Ex-FARC and AUC leaders meet to “respond to victims” of Colombia’s atrocities


For many Colombians, the names “Timochenko” and “Mancuso,” are associated with the most violent episodes of the country’s half-century internal conflict, and one, that claimed the lives of 260,000 civilians. As commanders of two powerful armies, one a left-wing guerrilla, the other a paramilitary apparatus known as the United Self-Defense Forces of Colombia (AUC), the two men were also arch-enemies until their respective demobilizations. But their futures – not unlike their pasts – also took different turns, with Rodrigo Londoño of the Revolutionary Armed Forces of Colombia (FARC), walking a free man after securing a historic peace deal in 2016, while Salvatore Mancuso continues to serve a long prison sentence in a U.S Federal prison for drug trafficking.
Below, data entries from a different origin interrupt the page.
(* Let $n\ge2$, $1\le t\le n-1$, and let $a,b,c,d,e>0$. Consider the continuous-time Markov chain on the set of words $u=u_1\cdots u_n\in\{1,0,\bar1\}^n$ having exactly $t$ nonzero letters, with the following transitions: for $1\le i<n$, a factor $u_iu_{i+1}$ equal to $01$ becomes $10$ at rate $a$, a factor $\bar11$ becomes $1\bar1$ at rate $b$, a factor $\bar10$ becomes $0\bar1$ at rate $c$; if $u_n=\bar1$ it becomes $1$ at rate $d$; if $u_1=1$ it becomes $\bar1$ at rate $e$. Then the stationary distribution of this chain at a word $u$ is proportional to $[u]$ evaluated at these values of $a,b,c,d,e$. In particular (for $(a,b,c,d,e)$ proportional to $(2,2,2,1,1)$) this describes the stationary distribution $\pi_J$ of the type C chain $\Theta_J$ with $J=[n]\setminus\{t\}$, under the encoding of a state by the word with $u_j=1$ if column $j$ has a particle in the upper row, $u_j=\bar1$ if in the lower row, $u_j=0$ if column $j$ is empty.
   Context: Words are finite sequences over $\{1,0,\bar1\}$ ($\bar1=-1$). For every word $u$, $[u]$ is the Laurent polynomial in indeterminates $a,b,c,d,e$ determined uniquely by the recursions, valid for all (possibly empty) words $v,w$: $[v01w]=[v0w]/a$, $[v\bar11w]=([v\bar1w]+[v1w])/b$, $[v\bar10w]=[v0w]/c$, $[v\bar1]=[v]/d$, $[1v]=[v]/e$, and $[u]=1$ whenever $u$ consists only of $0$'s (including the empty word). Type C chain $\Theta_J$ for $J=[n]\setminus\{t\}$: states are placements of $t$ indistinguishable particles in a $2\times n$ array (upper row, lower row), at most one per column. The dynamics, in word encoding, is exactly the chain above with rates $(a,b,c,d,e)=(2,2,2,1,1)$: an upper particle moves left into an empty column or across a lower particle in the adjacent column, a lower particle moves right, and at the ends an upper particle in column $1$ drops to the lower row and a lower particle in column $n$ rises to the upper row. *)

From HB Require Import structures.
From mathcomp Require Import all_boot all_order all_algebra.
Set Implicit Arguments. Unset Strict Implicit. Unset Printing Implicit Defensive.
Import Order.TTheory GRing.Theory Num.Theory.
Local Open Scope ring_scope.

(* Letters of the alphabet {1, 0, bar1}, encoded in the finite type option bool. *)
Definition letter := option bool.
Definition L1 : letter := Some true.
Definition L0 : letter := None.
Definition Lbar : letter := Some false.

Section Bracket.
Variable R : fieldType.
Variables a b c d e : R.

(* f satisfies all the defining recursions of the bracket [u]
   (evaluated at the values a,b,c,d,e). *)
Definition bracket_rec (f : seq letter -> R) : Prop :=
  [/\ (forall v w : seq letter, f (v ++ L0 :: L1 :: w) = f (v ++ L0 :: w) / a),
      (forall v w : seq letter,
          f (v ++ Lbar :: L1 :: w) = (f (v ++ Lbar :: w) + f (v ++ L1 :: w)) / b),
      (forall v w : seq letter, f (v ++ Lbar :: L0 :: w) = f (v ++ L0 :: w) / c),
      (forall v : seq letter, f (rcons v Lbar) = f v / d)
    &      (forall v : seq letter, f (L1 :: v) = f v / e) ]
  /\ (forall u : seq letter, all (pred1 L0) u -> f u = 1).

Definition swap_rate (x y : letter) : option R :=
  if (x == L0) && (y == L1) then Some a
  else if (x == Lbar) && (y == L1) then Some b
  else if (x == Lbar) && (y == L0) then Some c
  else None.

Definition moves (u : seq letter) : seq (seq letter * R) :=
  pmap (fun i =>
          let x := nth L0 u i in let y := nth L0 u i.+1 in
          omap (fun r => (set_nth L0 (set_nth L0 u i y) i.+1 x, r)) (swap_rate x y))
       (iota 0 (size u).-1)
  ++ (if (size u > 0)%N && (last L0 u == Lbar)
      then [:: (set_nth L0 u (size u).-1 L1, d)] else [::])
  ++ (if head L0 u == L1 then [:: (set_nth L0 u 0 Lbar, e)] else [::]).

Definition rate (u v : seq letter) : R :=
  \sum_(p <- moves u | p.1 == v) p.2.

Definition out_rate (u : seq letter) : R := \sum_(p <- moves u) p.2.

Definition in_state_space (n t : nat) (u : n.-tuple letter) : bool :=
  count (fun x => x != L0) u == t.

End Bracket.

Definition stationary (R : realFieldType) (a b c d e : R) (n t : nat)
    (pi : n.-tuple letter -> R) : Prop :=
  [/\ (forall u, in_state_space t u -> 0 <= pi u),
      \sum_(u | in_state_space t u) pi u = 1
    & (forall v, in_state_space t v ->
         \sum_(u | in_state_space t u) pi u * rate a b c d e u v
         = pi v * out_rate a b c d e v)].

(* A left-to-right scan shows that the recursions are consistent.  After a
   prefix has been read, the functional w |-> [prefix w] is a polynomial in
   X = b Y - 1, where Y^j stands for the current context (start of the word or
   a 0) followed by j letters 1bar: reading 1bar multiplies by Y, reading 0
   evaluates at Y = 1/c, the end of the word evaluates at Y = 1/d, and reading
   a 1 is the operator [scan_one], which is simple in the variable X.

   Every word that is not all 0's admits one of the recursions, so [u] > 0.
   Writing F_k = sign(u_k) [u with its k-th letter deleted], the net flow into
   u through the pair (u_i, u_(i+1)) is F_i - F_(i+1), and the two boundary
   moves contribute F_n and -F_1; hence [u] satisfies global balance.  The chain
   is irreducible on words with given length and number of nonzero letters, so
   comparing a stationary pi with [u] at a word minimising pi u / [u] shows
   that pi is proportional to [u]. *)

From HB Require Import structures.
From mathcomp Require Import all_boot all_order all_algebra.
From mathcomp Require Import ring.
Set Implicit Arguments. Unset Strict Implicit. Unset Printing Implicit Defensive.
Import Order.TTheory GRing.Theory Num.Theory.
Local Open Scope ring_scope.

Ltac field_nz := field; by repeat (apply/andP; split).

(** * Existence of the bracket *)

Section Scan.

Variable R : fieldType.
Variables a b c d e : R.
Hypotheses (a0 : a != 0) (b0 : b != 0) (c0 : c != 0) (d0 : d != 0) (e0 : e != 0).

Definition scan_bar (p : {poly R}) : {poly R} := b^-1 *: (p + p * 'X).
Definition scan_one (k : R) (p : {poly R}) : {poly R} :=
  b^-1 *: (p + drop_poly 1 p + ((k - 1) * p`_0)%:P).
Definition scan_zero (p : {poly R}) : {poly R} := (p.[b / c - 1])%:P.

Definition scan_letter (st : {poly R} * R) (x : letter) : {poly R} * R :=
  match x with
  | Some true => (scan_one st.2 st.1, st.2)
  | Some false => (scan_bar st.1, st.2)
  | None => (scan_zero st.1, b / a)
  end.

Definition scan (w : seq letter) (st : {poly R} * R) : R :=
  (foldl scan_letter st w).1.[b / d - 1].

Definition bracket (u : seq letter) : R := scan u (1, b / e).

Lemma scan_barZD s p q : scan_bar (s *: p + q) = s *: scan_bar p + scan_bar q.
Proof.
apply/polyP => i; rewrite /scan_bar !(coefD, coefZ, coefMX).
by case: (i == 0)%N; ring.
Qed.

Lemma scan_oneZD k s p q : scan_one k (s *: p + q) = s *: scan_one k p + scan_one k q.
Proof.
rewrite /scan_one drop_polyD drop_polyZ coefD coefZ.
by apply/polyP => i; rewrite !(coefD, coefZ, coefC); case: (i == 0)%N; ring.
Qed.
On Thursday, however, the warlords crossed paths again, not on a battlefield but in the virtual realm of video conference before the Special Jurisdiction for Peace – JEP. Both Londoño and Mancuso expressed their willingness to contribute to the tribunal’s understanding of the context and motivation that resulted in human rights abuses. FARC’s Londoño, along with five other members of the guerrilla’s Secretariat, recently accepted a JEP ruling that they were responsible for War Crimes by mass kidnapping civilians and members of the military.

While ex-FARC leaders have been very much in the public eye during these last five years and are the representatives of the political party Comunes, when the AUC demobilized in 2005, many of the group’s top commanders, including Mancuso, were wanted in extradition to the U.S. Mancuso attended the video conference from a federal maximum security prison in Georgia where he is awaiting deportation to Colombia. Mancuso holds both Italian and Colombian citizenships.
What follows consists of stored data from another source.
(* If $\Sigma$ is of type $\mathfrak d_l$ ($l\ge4$) and $\Gamma=Z_{\widetilde M}(\widetilde K)$ (of order 4), then $$d(P_\Gamma)=\begin{cases}\frac12(\psi,\psi)^{-1/2}l^{1/2}, & l\text{ even},\\ \frac{\sqrt2}{4}(\psi,\psi)^{-1/2}(2l-1)^{1/2}, & l\text{ odd}.\end{cases}$$
   Context: Let $(\mathfrak u,\theta,\langle,\rangle)$ be a reduced, compact, irreducible orthogonal involutive Lie algebra ($\mathfrak u=\mathfrak k_0\oplus\mathfrak p_*$ the $\pm1$ eigenspaces of $\theta$), $\widetilde U$ the simply connected group of $\mathfrak u$, $\widetilde K$ the fixed group of the induced involution, $\widetilde M=\widetilde U/\widetilde K$, $\widetilde{\mathrm{Exp}}(X)=\widetilde\exp(X)\widetilde K$ ($X\in\mathfrak p_*$), and $Z_{\widetilde M}(\widetilde K)$ the group of points of $\widetilde M$ fixed by all left translations by $\widetilde K$. $(\cdot,\cdot)$ is the Killing form of $\mathfrak u\otimes\mathbb C$, positive definite on $\mathfrak h_{\mathfrak p_0}=\sqrt{-1}\mathfrak h_{\mathfrak p_*}$ ($\mathfrak h_{\mathfrak p_*}$ maximal abelian in $\mathfrak p_*$); $\Sigma\subset\mathfrak h_{\mathfrak p_0}$ is the restricted root system with simple roots $\gamma_1,\dots,\gamma_l$ and highest root $\psi=\sum d_i\gamma_i$; $e_j$ defined by $(e_j,\gamma_i)=\delta_{ij}/d_j$; $\triangle=\{x:(x,\gamma_i)\ge0\ \forall i,\ (x,\psi)\le1\}$; $P_\Gamma=\{x\in\triangle:(x,e_i)\le\frac12(e_i,e_i)$ for all $i$ with $\widetilde{\mathrm{Exp}}(\pi\sqrt{-1}e_i)\in\Gamma\}$; $d(P_\Gamma)=\max_{x\in P_\Gamma}(x,x)^{1/2}$. *)

From HB Require Import structures.
From mathcomp Require Import all_boot all_order all_algebra.
Set Implicit Arguments. Unset Strict Implicit. Unset Printing Implicit Defensive.
Import Order.TTheory GRing.Theory Num.Theory.
Local Open Scope ring_scope.

(* The inner product ( , ) on h_p0 ~ R^l (any Euclidean space of dim l is
   isometric to R^l with the standard dot product). *)
Definition dot (R : nzRingType) (n : nat) (u v : 'rV[R]_n) : R := (u *m v^T) 0 0.

(* Dynkin diagram of D_l, nodes 0..l-1 (paper's gamma_1..gamma_l shifted by 1):
   chain 0 - 1 - ... - (l-2), and node (l-1) attached to (l-3). *)
Definition adjD (l i j : nat) : bool :=
  [&& ((i.+1 == j) || (j.+1 == i)), i <= l - 2 & j <= l - 2]%N
  || ((i == l - 3) && (j == l - 1))%N || ((i == l - 1) && (j == l - 3))%N.

Definition cartanD (R : nzRingType) (l : nat) (i j : 'I_l) : R :=
  if i == j then 2 else if adjD l i j then -1 else 0.

Definition dcoef (R : nzRingType) (l : nat) (i : 'I_l) : R :=
  if (((i:nat) == 0) || ((i:nat) == l - 2) || ((i:nat) == l - 1))%N then 1 else 2.

Definition hroot (R : nzRingType) (l : nat) (gamma : 'I_l -> 'rV[R]_l) : 'rV[R]_l :=
  \sum_(i < l) dcoef R i *: gamma i.

Definition alcove (R : realDomainType) (l : nat) (gamma : 'I_l -> 'rV[R]_l)
  (psi x : 'rV[R]_l) : Prop :=
  (forall i, 0 <= dot x (gamma i)) /\ dot x psi <= 1.

(* P_Gamma, where S is the set of indices i with Exp(pi sqrt(-1) e_i) in Gamma. *)
Definition PGamma (R : realFieldType) (l : nat) (gamma e : 'I_l -> 'rV[R]_l)
  (psi : 'rV[R]_l) (S : pred 'I_l) (x : 'rV[R]_l) : Prop :=
  alcove gamma psi x /\ (forall i, S i -> dot x (e i) <= dot (e i) (e i) / 2).

(* For Gamma = Z_M(K) in type D_l (order 4): Gamma = {o} u {Exp(pi sqrt(-1) e_i) :
   d_i = 1}, i.e. the indices 0, l-2, l-1 (paper: 1, l-1, l). *)
Definition GammaIdxD (l : nat) : pred 'I_l :=
  fun i : 'I_l => (((i:nat) == 0) || ((i:nat) == l - 2) || ((i:nat) == l - 1))%N.

Definition maxnorm_is (R : rcfType) (l : nat) (P : 'rV[R]_l -> Prop) (r : R) : Prop :=
  (exists2 x, P x & Num.sqrt (dot x x) = r) /\
  (forall x, P x -> Num.sqrt (dot x x) <= r).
When the AUC’s founder Carlos Castaño was murdered by his own security detail in 2004, the government of right-wing President Álvaro Uribe announced the start of peace negotiations. At the height of the internal conflict, AUC had 10,000 combatants as opposed to 21,000 in the rank-and-file of FARC.

The once arch-enemies requested the virtual meeting with Francisco de Roux director of the Truth Clarification Commission. Londoño again recognized that his organization committed crimes against humanity and war crimes. “We have come to this space with the sincere desire to contribute to the truth and therefore be able to reconcile,” he said. “It is far from me to call for applause for the horrific events that were witnessd in war.”

The meeting Thursday lays-out the framework for future discussions between ex-FARC and the AUC that formally begin April 21.

Mancuso also placed importance on the fact that the two were able to meet online and talk “in a civilized manner in order to respond to the victims for all the atrocities committed.” Dressed in orange prison fatigues, the former AUC commander warmly greeted Londoño and stated that as civilians they were no longer “mortal enemies.”

Francisco de Roux welcomed the frank dialogue and received the two commanders “with respect and hope.” The Jesuit priest went on to add that “Colombians want to know the truth of what happened from the very voices of those who participated in the armed conflict. This is not a forum to glorify your roles as protagonists of war, but to accept the great debt you have with society,” he said.